■ Work task ■
From the entries, copy out every line in which the word "under" is found.

■ Dataset records ■
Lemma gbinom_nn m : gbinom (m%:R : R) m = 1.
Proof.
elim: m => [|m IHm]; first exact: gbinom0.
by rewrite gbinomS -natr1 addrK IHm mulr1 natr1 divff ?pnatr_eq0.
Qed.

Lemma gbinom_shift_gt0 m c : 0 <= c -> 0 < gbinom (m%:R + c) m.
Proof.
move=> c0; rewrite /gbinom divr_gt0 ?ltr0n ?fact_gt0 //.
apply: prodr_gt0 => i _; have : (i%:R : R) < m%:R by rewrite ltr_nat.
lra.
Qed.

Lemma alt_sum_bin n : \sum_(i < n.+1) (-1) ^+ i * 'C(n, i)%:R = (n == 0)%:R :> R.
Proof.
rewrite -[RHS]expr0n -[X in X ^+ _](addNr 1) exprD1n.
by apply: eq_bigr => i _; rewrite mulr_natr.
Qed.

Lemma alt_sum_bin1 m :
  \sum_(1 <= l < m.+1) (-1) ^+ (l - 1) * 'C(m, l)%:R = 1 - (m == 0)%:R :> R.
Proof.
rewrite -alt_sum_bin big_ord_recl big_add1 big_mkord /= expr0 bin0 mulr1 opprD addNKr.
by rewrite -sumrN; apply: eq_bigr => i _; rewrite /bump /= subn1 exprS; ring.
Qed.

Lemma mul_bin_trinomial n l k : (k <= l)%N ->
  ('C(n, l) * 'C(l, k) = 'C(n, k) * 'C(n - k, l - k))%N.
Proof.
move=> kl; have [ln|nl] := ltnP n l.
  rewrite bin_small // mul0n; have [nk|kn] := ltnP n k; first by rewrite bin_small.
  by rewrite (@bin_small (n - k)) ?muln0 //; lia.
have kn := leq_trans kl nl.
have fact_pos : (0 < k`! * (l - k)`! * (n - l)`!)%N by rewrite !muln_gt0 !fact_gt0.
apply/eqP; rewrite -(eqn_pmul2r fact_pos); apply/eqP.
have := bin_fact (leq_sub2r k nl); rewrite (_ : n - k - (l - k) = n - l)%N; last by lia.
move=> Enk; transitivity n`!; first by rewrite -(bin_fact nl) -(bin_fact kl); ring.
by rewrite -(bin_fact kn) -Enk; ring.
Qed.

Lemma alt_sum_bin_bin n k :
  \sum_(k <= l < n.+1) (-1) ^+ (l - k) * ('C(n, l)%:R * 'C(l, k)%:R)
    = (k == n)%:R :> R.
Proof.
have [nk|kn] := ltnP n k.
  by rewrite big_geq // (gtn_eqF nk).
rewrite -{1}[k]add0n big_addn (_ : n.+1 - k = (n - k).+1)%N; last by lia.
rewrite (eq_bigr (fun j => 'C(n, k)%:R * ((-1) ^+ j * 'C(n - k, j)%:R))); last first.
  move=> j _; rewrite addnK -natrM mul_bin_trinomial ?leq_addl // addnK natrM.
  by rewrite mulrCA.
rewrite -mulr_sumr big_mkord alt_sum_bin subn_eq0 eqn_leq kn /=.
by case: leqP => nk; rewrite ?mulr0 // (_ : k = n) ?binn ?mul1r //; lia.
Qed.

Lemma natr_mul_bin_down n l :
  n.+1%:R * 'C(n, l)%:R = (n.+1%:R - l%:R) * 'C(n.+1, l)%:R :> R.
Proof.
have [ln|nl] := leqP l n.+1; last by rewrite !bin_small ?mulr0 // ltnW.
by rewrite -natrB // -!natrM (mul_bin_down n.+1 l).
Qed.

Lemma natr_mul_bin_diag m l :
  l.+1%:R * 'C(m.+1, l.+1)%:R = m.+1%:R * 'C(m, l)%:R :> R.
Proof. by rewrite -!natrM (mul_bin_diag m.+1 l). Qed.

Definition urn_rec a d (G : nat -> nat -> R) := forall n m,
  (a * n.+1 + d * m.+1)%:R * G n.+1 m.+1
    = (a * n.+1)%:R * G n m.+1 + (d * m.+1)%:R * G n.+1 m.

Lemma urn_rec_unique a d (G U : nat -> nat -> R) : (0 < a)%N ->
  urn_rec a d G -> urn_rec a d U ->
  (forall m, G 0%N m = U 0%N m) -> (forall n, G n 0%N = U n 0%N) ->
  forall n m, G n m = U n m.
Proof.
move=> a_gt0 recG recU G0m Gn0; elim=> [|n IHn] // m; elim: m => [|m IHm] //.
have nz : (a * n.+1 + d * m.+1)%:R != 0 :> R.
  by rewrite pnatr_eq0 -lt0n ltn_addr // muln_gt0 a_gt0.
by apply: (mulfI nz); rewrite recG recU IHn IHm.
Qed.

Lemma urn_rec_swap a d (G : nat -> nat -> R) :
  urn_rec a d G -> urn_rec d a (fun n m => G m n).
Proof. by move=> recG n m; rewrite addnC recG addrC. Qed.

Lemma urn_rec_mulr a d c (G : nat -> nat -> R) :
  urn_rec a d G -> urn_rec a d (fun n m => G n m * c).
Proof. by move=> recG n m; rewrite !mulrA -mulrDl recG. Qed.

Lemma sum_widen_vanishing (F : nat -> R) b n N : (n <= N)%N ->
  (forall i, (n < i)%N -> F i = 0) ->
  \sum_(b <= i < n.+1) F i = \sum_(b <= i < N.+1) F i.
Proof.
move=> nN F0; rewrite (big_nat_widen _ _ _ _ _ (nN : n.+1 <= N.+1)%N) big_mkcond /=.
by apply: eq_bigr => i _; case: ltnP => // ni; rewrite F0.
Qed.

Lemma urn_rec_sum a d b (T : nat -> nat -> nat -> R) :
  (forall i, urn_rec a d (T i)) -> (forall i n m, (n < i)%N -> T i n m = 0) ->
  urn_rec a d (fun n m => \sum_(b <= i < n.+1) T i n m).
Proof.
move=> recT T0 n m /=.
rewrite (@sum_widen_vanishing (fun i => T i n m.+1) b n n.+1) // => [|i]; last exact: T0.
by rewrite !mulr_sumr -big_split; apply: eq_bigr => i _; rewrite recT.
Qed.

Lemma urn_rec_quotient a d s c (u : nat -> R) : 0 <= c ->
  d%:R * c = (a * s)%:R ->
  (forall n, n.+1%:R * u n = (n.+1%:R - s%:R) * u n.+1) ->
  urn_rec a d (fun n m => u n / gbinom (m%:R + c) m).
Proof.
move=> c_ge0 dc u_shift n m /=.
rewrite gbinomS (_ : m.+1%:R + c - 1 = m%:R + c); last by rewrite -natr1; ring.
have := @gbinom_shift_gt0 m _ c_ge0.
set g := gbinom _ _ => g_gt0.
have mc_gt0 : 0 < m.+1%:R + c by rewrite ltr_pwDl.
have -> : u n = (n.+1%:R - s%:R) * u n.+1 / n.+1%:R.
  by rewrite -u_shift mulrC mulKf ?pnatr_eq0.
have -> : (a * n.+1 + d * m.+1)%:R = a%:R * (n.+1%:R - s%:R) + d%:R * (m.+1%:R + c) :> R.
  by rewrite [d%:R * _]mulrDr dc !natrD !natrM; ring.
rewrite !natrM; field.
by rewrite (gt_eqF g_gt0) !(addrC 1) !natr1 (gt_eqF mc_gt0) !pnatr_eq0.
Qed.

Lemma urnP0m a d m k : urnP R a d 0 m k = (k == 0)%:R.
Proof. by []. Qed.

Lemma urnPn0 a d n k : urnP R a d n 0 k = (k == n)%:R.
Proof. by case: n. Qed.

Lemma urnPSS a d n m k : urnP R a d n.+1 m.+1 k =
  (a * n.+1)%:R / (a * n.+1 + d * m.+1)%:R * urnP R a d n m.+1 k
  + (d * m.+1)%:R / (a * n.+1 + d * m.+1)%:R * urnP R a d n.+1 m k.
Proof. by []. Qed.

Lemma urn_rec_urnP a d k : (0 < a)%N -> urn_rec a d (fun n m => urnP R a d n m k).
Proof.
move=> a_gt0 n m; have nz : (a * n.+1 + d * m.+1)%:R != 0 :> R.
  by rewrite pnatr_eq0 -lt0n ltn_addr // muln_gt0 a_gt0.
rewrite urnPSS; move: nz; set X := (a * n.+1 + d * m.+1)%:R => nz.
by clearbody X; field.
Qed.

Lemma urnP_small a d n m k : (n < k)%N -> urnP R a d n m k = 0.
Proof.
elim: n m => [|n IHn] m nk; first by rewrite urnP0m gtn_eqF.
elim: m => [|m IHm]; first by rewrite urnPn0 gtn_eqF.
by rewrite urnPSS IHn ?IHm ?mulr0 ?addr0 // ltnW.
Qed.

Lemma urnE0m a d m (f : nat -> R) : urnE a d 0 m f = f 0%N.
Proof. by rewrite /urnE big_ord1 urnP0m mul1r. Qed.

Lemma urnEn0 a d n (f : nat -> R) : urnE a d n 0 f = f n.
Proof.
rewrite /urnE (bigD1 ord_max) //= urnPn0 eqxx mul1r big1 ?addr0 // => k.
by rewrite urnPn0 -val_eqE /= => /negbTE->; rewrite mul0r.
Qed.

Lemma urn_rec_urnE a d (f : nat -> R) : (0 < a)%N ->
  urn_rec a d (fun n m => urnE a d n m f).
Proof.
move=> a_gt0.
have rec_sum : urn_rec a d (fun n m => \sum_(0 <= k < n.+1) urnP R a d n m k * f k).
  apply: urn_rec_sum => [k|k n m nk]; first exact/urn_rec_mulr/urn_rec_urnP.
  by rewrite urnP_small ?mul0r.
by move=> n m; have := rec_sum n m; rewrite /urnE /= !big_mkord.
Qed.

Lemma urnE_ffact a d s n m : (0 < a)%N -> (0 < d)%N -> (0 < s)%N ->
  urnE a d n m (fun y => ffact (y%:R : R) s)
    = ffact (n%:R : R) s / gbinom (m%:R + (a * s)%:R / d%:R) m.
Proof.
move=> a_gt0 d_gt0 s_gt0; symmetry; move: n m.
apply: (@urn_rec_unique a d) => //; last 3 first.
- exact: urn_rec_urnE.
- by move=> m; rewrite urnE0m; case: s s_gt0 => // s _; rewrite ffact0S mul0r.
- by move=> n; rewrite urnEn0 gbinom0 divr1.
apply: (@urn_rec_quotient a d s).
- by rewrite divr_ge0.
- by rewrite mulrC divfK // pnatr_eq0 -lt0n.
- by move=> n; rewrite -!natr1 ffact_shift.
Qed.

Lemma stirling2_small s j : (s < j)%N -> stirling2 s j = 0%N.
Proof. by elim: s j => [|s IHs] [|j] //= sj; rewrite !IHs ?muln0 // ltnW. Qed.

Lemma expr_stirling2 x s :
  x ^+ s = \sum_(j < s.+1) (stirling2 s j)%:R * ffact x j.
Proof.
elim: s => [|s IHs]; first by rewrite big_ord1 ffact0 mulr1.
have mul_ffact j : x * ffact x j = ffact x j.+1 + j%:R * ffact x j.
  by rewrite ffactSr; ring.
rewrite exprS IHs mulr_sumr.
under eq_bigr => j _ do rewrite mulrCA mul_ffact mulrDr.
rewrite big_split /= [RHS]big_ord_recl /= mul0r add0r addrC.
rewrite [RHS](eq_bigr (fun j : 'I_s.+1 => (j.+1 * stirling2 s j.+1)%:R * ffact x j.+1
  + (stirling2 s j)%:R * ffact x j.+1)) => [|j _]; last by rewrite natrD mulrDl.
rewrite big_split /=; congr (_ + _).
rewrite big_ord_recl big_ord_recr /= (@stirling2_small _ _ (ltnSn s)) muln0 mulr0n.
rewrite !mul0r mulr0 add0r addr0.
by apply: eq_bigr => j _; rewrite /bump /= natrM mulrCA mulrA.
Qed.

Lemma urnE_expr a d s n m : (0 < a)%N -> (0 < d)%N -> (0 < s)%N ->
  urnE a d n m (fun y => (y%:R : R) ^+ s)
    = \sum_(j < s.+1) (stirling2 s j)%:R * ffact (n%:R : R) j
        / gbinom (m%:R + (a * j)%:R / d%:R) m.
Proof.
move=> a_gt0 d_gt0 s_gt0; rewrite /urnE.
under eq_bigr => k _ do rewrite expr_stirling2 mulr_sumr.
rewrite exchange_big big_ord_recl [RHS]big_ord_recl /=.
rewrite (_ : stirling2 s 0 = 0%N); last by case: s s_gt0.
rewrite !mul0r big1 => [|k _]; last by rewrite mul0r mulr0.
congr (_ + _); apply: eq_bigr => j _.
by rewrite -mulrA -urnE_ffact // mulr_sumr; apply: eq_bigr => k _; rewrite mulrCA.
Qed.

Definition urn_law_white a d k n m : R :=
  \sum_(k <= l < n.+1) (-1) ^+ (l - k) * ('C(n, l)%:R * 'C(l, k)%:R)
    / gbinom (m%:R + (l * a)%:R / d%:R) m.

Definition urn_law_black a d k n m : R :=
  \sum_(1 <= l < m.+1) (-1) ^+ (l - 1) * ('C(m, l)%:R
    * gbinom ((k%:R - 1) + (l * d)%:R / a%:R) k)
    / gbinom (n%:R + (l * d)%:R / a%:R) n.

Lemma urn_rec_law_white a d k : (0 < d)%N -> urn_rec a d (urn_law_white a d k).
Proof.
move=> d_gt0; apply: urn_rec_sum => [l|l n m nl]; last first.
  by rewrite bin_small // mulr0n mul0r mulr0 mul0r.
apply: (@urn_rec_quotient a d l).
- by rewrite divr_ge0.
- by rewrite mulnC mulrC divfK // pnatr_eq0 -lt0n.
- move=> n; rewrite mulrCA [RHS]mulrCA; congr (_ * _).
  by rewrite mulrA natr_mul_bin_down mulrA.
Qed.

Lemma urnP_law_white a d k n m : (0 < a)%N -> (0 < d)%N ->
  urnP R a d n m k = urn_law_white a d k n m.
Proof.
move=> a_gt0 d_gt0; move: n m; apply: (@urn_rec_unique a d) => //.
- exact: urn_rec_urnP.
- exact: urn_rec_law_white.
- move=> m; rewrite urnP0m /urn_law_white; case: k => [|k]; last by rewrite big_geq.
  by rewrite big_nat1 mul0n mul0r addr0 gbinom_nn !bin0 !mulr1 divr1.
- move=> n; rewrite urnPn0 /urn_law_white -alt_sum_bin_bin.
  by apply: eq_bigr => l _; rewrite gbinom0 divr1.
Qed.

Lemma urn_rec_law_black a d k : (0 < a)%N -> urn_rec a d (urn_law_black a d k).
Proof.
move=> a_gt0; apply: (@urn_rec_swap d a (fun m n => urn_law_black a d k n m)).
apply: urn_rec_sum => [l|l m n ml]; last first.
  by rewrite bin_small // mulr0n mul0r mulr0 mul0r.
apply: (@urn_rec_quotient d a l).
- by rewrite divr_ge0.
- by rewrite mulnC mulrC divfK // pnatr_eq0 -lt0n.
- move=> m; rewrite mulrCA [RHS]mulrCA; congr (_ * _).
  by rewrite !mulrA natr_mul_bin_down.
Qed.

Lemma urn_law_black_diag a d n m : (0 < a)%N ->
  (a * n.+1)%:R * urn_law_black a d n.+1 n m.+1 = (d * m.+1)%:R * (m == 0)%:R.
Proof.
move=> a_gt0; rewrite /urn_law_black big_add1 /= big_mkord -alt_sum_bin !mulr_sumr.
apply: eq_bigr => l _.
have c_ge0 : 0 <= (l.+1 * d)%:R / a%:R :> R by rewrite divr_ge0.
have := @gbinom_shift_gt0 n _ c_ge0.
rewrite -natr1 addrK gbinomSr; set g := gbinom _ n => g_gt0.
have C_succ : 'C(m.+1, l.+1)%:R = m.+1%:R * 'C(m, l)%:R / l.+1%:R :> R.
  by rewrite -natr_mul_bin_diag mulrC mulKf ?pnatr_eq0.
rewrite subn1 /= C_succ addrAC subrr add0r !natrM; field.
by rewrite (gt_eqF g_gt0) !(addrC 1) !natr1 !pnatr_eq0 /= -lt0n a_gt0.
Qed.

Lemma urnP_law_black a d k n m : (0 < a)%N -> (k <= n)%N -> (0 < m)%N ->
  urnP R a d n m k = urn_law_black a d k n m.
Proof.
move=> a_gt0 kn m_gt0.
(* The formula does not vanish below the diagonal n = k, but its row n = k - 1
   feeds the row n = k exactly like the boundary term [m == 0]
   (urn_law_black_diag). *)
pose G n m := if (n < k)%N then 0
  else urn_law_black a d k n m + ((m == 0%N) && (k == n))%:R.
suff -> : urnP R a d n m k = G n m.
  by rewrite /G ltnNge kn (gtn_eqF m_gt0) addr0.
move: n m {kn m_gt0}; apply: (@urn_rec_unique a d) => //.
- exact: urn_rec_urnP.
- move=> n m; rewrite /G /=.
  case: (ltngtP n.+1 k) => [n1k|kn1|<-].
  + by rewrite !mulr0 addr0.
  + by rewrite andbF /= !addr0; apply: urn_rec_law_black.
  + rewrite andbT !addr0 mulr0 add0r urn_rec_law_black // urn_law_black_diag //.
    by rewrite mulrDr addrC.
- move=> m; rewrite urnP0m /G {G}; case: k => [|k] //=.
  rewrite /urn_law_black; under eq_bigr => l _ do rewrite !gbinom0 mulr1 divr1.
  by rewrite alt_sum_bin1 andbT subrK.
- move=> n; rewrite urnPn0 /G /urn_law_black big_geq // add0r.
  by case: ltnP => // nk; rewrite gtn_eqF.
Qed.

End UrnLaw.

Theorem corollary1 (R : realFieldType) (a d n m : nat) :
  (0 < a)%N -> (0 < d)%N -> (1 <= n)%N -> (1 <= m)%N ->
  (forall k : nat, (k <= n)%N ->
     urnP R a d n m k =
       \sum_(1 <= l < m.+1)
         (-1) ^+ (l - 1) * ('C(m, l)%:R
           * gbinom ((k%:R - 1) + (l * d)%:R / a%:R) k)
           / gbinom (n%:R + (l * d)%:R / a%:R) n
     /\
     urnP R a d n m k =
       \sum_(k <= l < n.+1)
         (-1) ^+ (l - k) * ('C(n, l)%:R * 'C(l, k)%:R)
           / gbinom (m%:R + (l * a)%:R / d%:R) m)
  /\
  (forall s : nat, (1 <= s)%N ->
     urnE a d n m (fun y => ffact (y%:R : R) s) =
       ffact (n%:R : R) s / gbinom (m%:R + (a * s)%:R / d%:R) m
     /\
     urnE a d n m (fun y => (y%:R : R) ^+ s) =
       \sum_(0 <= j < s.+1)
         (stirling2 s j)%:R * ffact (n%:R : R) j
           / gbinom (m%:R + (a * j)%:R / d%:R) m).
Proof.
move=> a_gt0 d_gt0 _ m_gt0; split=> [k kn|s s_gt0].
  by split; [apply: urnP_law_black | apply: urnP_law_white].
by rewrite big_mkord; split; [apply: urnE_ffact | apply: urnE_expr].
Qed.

---

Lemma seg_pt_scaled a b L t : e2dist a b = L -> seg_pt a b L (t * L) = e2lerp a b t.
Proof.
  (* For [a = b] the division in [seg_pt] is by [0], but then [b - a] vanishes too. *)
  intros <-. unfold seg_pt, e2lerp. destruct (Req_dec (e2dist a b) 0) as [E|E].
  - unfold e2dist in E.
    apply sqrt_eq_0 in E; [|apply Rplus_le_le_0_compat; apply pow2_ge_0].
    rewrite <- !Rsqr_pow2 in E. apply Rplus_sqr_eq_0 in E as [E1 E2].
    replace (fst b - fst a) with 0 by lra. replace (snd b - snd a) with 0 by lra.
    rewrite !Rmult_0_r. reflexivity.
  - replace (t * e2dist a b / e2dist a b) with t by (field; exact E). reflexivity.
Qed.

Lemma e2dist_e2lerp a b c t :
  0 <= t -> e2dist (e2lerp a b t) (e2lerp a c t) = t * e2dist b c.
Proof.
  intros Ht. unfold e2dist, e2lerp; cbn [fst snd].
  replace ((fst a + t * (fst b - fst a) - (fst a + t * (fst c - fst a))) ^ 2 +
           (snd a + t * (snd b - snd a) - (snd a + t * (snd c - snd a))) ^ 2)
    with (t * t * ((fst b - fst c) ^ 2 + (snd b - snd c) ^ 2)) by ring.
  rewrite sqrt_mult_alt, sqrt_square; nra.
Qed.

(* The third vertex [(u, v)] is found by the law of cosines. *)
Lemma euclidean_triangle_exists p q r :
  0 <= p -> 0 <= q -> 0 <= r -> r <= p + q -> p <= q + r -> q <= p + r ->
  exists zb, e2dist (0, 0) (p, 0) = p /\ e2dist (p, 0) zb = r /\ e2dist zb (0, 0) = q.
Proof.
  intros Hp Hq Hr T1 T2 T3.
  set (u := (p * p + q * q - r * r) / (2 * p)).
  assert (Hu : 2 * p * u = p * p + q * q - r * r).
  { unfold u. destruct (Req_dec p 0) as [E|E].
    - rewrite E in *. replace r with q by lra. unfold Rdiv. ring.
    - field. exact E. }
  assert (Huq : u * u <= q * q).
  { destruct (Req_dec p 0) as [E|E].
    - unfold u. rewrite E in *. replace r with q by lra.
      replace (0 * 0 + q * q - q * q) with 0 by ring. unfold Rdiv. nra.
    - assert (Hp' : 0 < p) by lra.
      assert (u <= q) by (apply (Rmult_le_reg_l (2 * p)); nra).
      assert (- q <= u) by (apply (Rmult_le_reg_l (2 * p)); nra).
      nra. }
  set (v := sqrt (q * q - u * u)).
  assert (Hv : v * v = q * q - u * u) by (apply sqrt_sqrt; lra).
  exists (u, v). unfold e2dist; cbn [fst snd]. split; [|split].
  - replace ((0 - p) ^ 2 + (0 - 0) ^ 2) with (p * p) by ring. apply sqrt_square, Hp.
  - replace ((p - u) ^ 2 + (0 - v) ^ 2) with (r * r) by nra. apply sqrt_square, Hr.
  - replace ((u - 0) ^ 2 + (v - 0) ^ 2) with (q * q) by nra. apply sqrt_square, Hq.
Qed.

■ Reply ■
under eq_bigr => j _ do rewrite mulrCA mul_ffact mulrDr.
under eq_bigr => k _ do rewrite expr_stirling2 mulr_sumr.
  rewrite /urn_law_black; under eq_bigr => l _ do rewrite !gbinom0 mulr1 divr1.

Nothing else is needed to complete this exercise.